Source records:
+===+
(* Let $(A,E,\langle\!\langle-,-\rangle\!\rangle,\partial,[\![-,-]\!])$ be a double Courant--Dorfman algebra. Then for all $e,f,g\in E$, $$\langle\!\langle e,[\![f,g]\!]\rangle\!\rangle_L-\langle\!\langle f,\partial\langle\!\langle e,g\rangle\!\rangle\rangle\!\rangle_R-\langle\!\langle[\![e,f]\!],g\rangle\!\rangle_L+\langle\!\langle\partial\langle\!\langle e,f\rangle\!\rangle,g\rangle\!\rangle_L=0\quad\text{in }A^{\otimes3}.$$
   Context: All algebras are associative unital $\Bbbk$-algebras, $\Bbbk$ a field of characteristic zero, $\otimes=\otimes_\Bbbk$. Sweedler notation: $x=x'\otimes x''$ with summation suppressed; $(x'\otimes x'')^\sigma=x''\otimes x'$. Outer structure on $A\otimes A$, $E\otimes A$, $A\otimes E$: $a(x'\otimes x'')b=ax'\otimes x''b$; inner structure on $A\otimes A$: $a*(x'\otimes x'')*b=x'b\otimes ax''$. For $x=x'\otimes x''$ and $y$: $x\otimes_1y:=x'\otimes y\otimes x''$, $y\otimes_1x:=x'\otimes y\otimes x''$. $A$ is an algebra, $E$ an $A$-bimodule, $\partial\colon A\to E$ a derivation, acting on $A\otimes A$ by $\partial(x'\otimes x'')=\partial x'\otimes x''+x'\otimes\partial x''\in E\otimes A\oplus A\otimes E$. A pairing $\langle\!\langle-,-\rangle\!\rangle\colon E\otimes E\to A\otimes A$ is linear with $f\mapsto\langle\!\langle e,f\rangle\!\rangle$ a bimodule map to $(A\otimes A)_{\mathrm{out}}$ and $f\mapsto\langle\!\langle f,e\rangle\!\rangle$ a bimodule map to $(A\otimes A)_{\mathrm{inn}}$; symmetric: $\langle\!\langle e,f\rangle\!\rangle=\langle\!\langle f,e\rangle\!\rangle^\sigma$. Extensions to $A^{\otimes3}$-valued maps (additive in the tensor argument): $\langle\!\langle e,f\otimes a\rangle\!\rangle_L=\langle\!\langle e,f\rangle\!\rangle\otimes a$, $\langle\!\langle e,a\otimes f\rangle\!\rangle_L=0$, $\langle\!\langle e,a\otimes f\rangle\!\rangle_R=a\otimes\langle\!\langle e,f\rangle\!\rangle$, $\langle\!\langle e,f\otimes a\rangle\!\rangle_R=0$, $\langle\!\langle e\otimes a,f\rangle\!\rangle_L=\langle\!\langle a\otimes e,f\rangle\!\rangle_R=\langle\!\langle e,f\rangle\!\rangle'\otimes a\otimes\langle\!\langle e,f\rangle\!\rangle''$, $\langle\!\langle a\otimes e,f\rangle\!\rangle_L=\langle\!\langle e\otimes a,f\rangle\!\rangle_R=0$. A double Courant--Dorfman bracket is a linear map $[\![-,-]\!]\colon T_AE\otimes T_AE\to T_AE\otimes T_AE$ of degree $-1$ ($T_AE$ the tensor algebra, $E$ in degree 1) with $[\![e,a]\!]=\langle\!\langle e,\partial a\rangle\!\rangle$, $[\![a,e]\!]=-\langle\!\langle\partial a,e\rangle\!\rangle$, $[\![a,b]\!]=0$; for $e,f\in E$, $[\![e,f]\!]=[\![e,f]\!]_l+[\![e,f]\!]_r\in E\otimes A\oplus A\otimes E$. Extensions: $[\![e,f\otimes a]\!]_L=[\![e,f]\!]\otimes a$, $[\![e,a\otimes f]\!]_L=\langle\!\langle e,\partial a\rangle\!\rangle\otimes f$, $[\![e,f\otimes a]\!]_R=f\otimes\langle\!\langle e,\partial a\rangle\!\rangle$, $[\![e,a\otimes f]\!]_R=a\otimes[\![e,f]\!]$, $[\![e\otimes a,f]\!]_L=[\![e,f]\!]\otimes_1a+\langle\!\langle e,f\rangle\!\rangle\otimes_1\partial a$, $[\![a\otimes e,f]\!]_L=-\langle\!\langle\partial a,f\rangle\!\rangle\otimes_1e$. A double Courant--Dorfman algebra is $(A,E,\langle\!\langle-,-\rangle\!\rangle,\partial,[\![-,-]\!])$ with symmetric pairing, derivation and double Courant--Dorfman bracket such that for all $a,b\in A$, $e,f,g\in E$: $\partial\langle\!\langle e,f\rangle\!\rangle=[\![e,f]\!]+[\![f,e]\!]^\sigma$; $[\![\partial a,e]\!]=0$; $\langle\!\langle\partial a,\partial b\rangle\!\rangle=0$; $[\![e,fa]\!]=[\![e,f]\!]a+f\langle\!\langle e,\partial a\rangle\!\rangle$; $[\![e,af]\!]=a[\![e,f]\!]+\langle\!\langle e,\partial a\rangle\!\rangle f$; $[\![e,[\![f,g]\!]]\!]_L=[\![f,[\![e,g]\!]]\!]_R+[\![[\![e,f]\!],g]\!]_L$; $\langle\!\langle e,\partial\langle\!\langle f,g\rangle\!\rangle\rangle\!\rangle_L=\langle\!\langle f,[\![e,g]\!]\rangle\!\rangle_R+\langle\!\langle[\![e,f]\!],g\rangle\!\rangle_L$. *)

(* Tensor products over the field K are given abstractly by
   their universal property (record [tensor]). *)
From HB Require Import structures.
From mathcomp Require Import all_boot all_order all_algebra.
Set Implicit Arguments. Unset Strict Implicit. Unset Printing Implicit Defensive.
Import GRing.Theory.
Local Open Scope ring_scope.
Lemma card_undelivered :
  #|C :\: [set q | [exists k : 'I_3, x \in dels t inp q (tau0 + k)]]| * (#|echoers| + 1 - T)
    <= d * (#|echoers| + 1).
Proof.
case: exec => supp_small _ _ _ _; set F := C :\: _.
have losses_F q : q \in F -> #|echoers| + 1 - T <= losses q.
  rewrite !inE negb_exists => /andP [/forallP undel q_C]; rewrite leq_subLR (addnC T).
  apply: losses_lower_bound => //.
    by move: (undel (@Ordinal 3 1 isT)); rewrite addn1.
  by move: (undel (@Ordinal 3 2 isT)); rewrite addn2.
rewrite -sum_nat_const; apply: (@leq_trans (\sum_(q in F) losses q)); first exact: leq_sum.
apply: (@leq_trans (\sum_(q in C) losses q)).
  by rewrite [leqRHS](big_setID F) /= (setIidPr (subsetDl _ _)) leq_addr.
rewrite big_split /= mulnDr muln1; apply: leq_add; last first.
  rewrite sum_nat_bool; apply: leq_trans (proj2 (supp_small i tau0 k0)).
  by apply/subset_leq_card/subsetP => q; rewrite inE => /andP [].
rewrite mulnC -sum_nat_const.
have -> : \sum_(q in C) #|echoers :&: cut q| =
    \sum_(p in echoers) \sum_(q in C) (q \in supp p tau0.+1 (echo_idx p)).
  by rewrite exchange_big /=; apply: eq_bigr => q _; rewrite sum_nat_bool setIdE.
apply: leq_sum => p _; rewrite sum_nat_bool.
apply: leq_trans (proj2 (supp_small p tau0.+1 (echo_idx p))).
by apply/subset_leq_card/subsetP => q; rewrite inE => /andP [].
Qed.

Lemma card_correct_le : #|C| <= #|echoers| + 1 + d.
Proof.
case: exec => supp_small _ _ _ _.
apply: (@leq_trans #|K0 :|: (i |: echoers)|).
  apply/subset_leq_card/subsetP => q q_C; rewrite !inE q_C /=.
  by case: (q \in K0); case: eqP.
apply: leq_trans (leq_card_setU _ _) _.
have K0_small : #|K0| <= d := proj2 (supp_small i tau0 k0).
rewrite cardsU1 (_ : i \notin echoers) ?inE ?eqxx ?andbF //=.
by rewrite addnC [#|echoers| + 1]addnC leq_add2l.
Qed.

Lemma delivered_lower_bound : 3 * t + 2 * d < n -> #|~: C| <= t ->
  #|C| - d - (d * T) %/ (#|C| - d - T)
    <= #|[set q in C | [exists k : 'I_3, x \in dels t inp q (tau0 + k)]]|.
Proof.
move=> n_large byz_few; rewrite setIdE.
set D := [set q | _]; rewrite -[#|C :&: D|](addnK #|C :\: D|) cardsID.
have card_n : #|~: C| + #|C| = n by rewrite addnC cardsC card_ord.
apply: count_bound_divn card_correct_le card_undelivered; lia.
Qed.

End Broadcast.
End Execution.

Theorem mainTheorem8 (M : eqType) (n t d : nat) (C : {set 'I_n})
    (inp : inputs M n) (byz : byz_sends M n) (supp : suppression n)
    (i : 'I_n) (m : M) (sn tau0 : nat) :
  3 * t + 2 * d < n ->
  #|~: C| <= t ->
  d < #|C| ->
  execution t C d inp byz supp ->
  i \in C ->
  (m, sn) \in bcasts inp i tau0 ->
  #|C| - d - (d * ((n + t) %/ 2)) %/ (#|C| - d - (n + t) %/ 2)
    <= #|[set q in C | [exists k : 'I_3, (m, sn, i) \in dels t inp q (tau0 + k)]]|.
Proof.
(* [d < #|C|] already follows from the other hypotheses. *)
move=> n_large byz_few _ exec i_C bcast_x.
exact: (delivered_lower_bound exec i_C bcast_x n_large byz_few).
Qed.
+===+
How to complete this task >> Where a line of the records contains the word "have", copy that line.

Exercise result >>
have losses_F q : q \in F -> #|echoers| + 1 - T <= losses q.
have -> : \sum_(q in C) #|echoers :&: cut q| =
have K0_small : #|K0| <= d := proj2 (supp_small i tau0 k0).
have card_n : #|~: C| + #|C| = n by rewrite addnC cardsC card_ord.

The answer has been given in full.